Wednesday 2 September 2015

filters - My vocoder sounds bad


I'm writing a program to emulate a vocoder and it obviously works, but any speech that comes through is very difficult to understand. I'm going to explain exactly how my implementation works and then maybe somebody with experience with vocoders or DSP can help me.


128 samples of the voice signal go through a Fast Fourier Transform every audio frame. I then take the absolute value of the complex outputs to get the formant of the voice. I chose this rather than multiple band pass filters and envelope followers because it's faster just to do an FFT. I am 100% sure that this is all done correctly.


My carrier wave is run through several band pass filters centered around frequencies corresponding to the FFT output frequencies. To construct the output I multiply the output of these filters by the corresponding amplitudes in the voice formant obtained from the FFT and add all of these products.


There's a few things that I suspect may be causing issues. The algorithm I used to implement the band pass filters is probably not the best. I feed the output of a low pass filter into a high pass filter. I got the algorithms for the filters under the "Algorithmic Implementation" section of the low pass and high pass filter articles on Wikipedia. I have a strong feeling that these simple filters may not be attenuating unwanted frequencies very well but I can't find a better way to make my band pass filter. I also suspect that my carrier wave might not be very good. As I understand it, you need a carrier wave rich in lots of different frequency content (so obviously not a sine wave). I've listened to a lot of vocoders and the carrier wave usually sounds like it's got some dissonant notes in it. I've tried additive synthesis and FM synthesis but I just can't get a carrier wave that doesn't sound too "clean".


If somebody could give me a better band pass algorithm (if that's what I need), a good formula for a carrier wave, or point out some other likely problem I would be very grateful.

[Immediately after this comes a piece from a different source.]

(* Let $\underline{X}=(X_n,p_n)$ be an inverse sequence of sets, $(T_{\underline{X}},v)$ its tree and $T_\infty\subset T_{\underline{X}}$ its maximal geodesically complete subtree. Then $\underline{X}$ is Mittag-Leffler if and only if there is a rooted metrically proper homotopy equivalence between $T_{\underline{X}}$ and $T_\infty$. Moreover, the homotopy can be chosen to be a deformation retraction of $T_{\underline{X}}$ onto $T_\infty$.
   Context: An inverse sequence of sets $(X_n,p_n)_{n\ge1}$ has maps $p_n:X_{n+1}\to X_n$; $p_{nm}=p_n\circ\cdots\circ p_{m-1}:X_m\to X_n$. It is Mittag-Leffler if for every $n_0$ there is $n_1>n_0$ such that $p_{n_0n}(X_n)=p_{n_0n_1}(X_{n_1})$ for all $n>n_1$. Its tree $T_{\underline{X}}$ is the geometric realization of the graph with vertices $\{v\}\sqcup\bigsqcup_nX_n$ and edges $\{x,p_n(x)\}$ ($x\in X_{n+1}$) and $\{x,v\}$ ($x\in X_1$), edges of length 1, path metric, rooted at $v$. The maximal geodesically complete subtree $T_\infty$ is the union of $\{v\}$ and the images of all isometric embeddings $F:[0,\infty)\to T_{\underline{X}}$ with $F(0)=v$, rooted at $v$. A map between rooted trees is rooted if it sends root to root, metrically proper if preimages of bounded sets are bounded. A rooted metrically proper homotopy between rooted continuous metrically proper maps $f,f':(T,v)\to(T',w)$ is a continuous $H:T\times[0,1]\to T'$ with $H(\cdot,0)=f$, $H(\cdot,1)=f'$, $H(v,s)=w$ for all $s$, and for every $M>0$ some $N>0$ with $H^{-1}(B(w,M))\subset B(v,N)\times[0,1]$ (open balls). A rooted metrically proper homotopy equivalence is a pair of rooted continuous metrically proper maps $f:T\to T'$, $g:T'\to T$ with $g\circ f$ and $f\circ g$ rooted metrically proper homotopic to the identities. A deformation retraction here means a rooted metrically proper homotopy $H$ from the identity of $T_{\underline{X}}$ to a retraction onto $T_\infty$ with $H(x,s)=x$ for all $x\in T_\infty$, $s\in[0,1]$. *)

From Stdlib Require Import Reals ClassicalEpsilon.
Open Scope R_scope.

ALSO, "vocoder" is not an available tag. Maybe somebody with enough permissions could kindly add this tag? Also, there's a tag for signal-processing but not digital-signal-processing or DSP, I'm not sure if it would be appropriate to add one of these tags or not.



Answer




First, it seems to me that you are doing the analysis incorrectly. 128 linearly spaced channels is both too high (it won't capture a smoothed spectral envelope - vocoders usually have at most ~30 channels) and too small (it has a very poor resolution in the lowest frequencies and won't discriminate different formants). You really need to replace that by a bank of constant-Q band-pass filters, 2 or 3 bands / octave to get something that is coarse enough to capture the spectral envelope without picking individual frequency peaks, yet discriminates the frequencies of interest.


Your analysis and synthesis filters can be implemented with biquads. Running a dozen of those in parallel is not cost-prohibitive compared to a FFT.


As for the carrier wave, you can start with a sawtooth or narrow pulse - avoid waveforms like triangle, square, or sine whose spectrum have "gaps". Then stack a few of them to play a chord. You can thicken the carrier by adding slightly detuned version of each component or octaves. Note that in order to achieve the best sounding results, band-limited synthesis (for example with minBLEPs) has to be used to synthesize the square or sawtooth waves.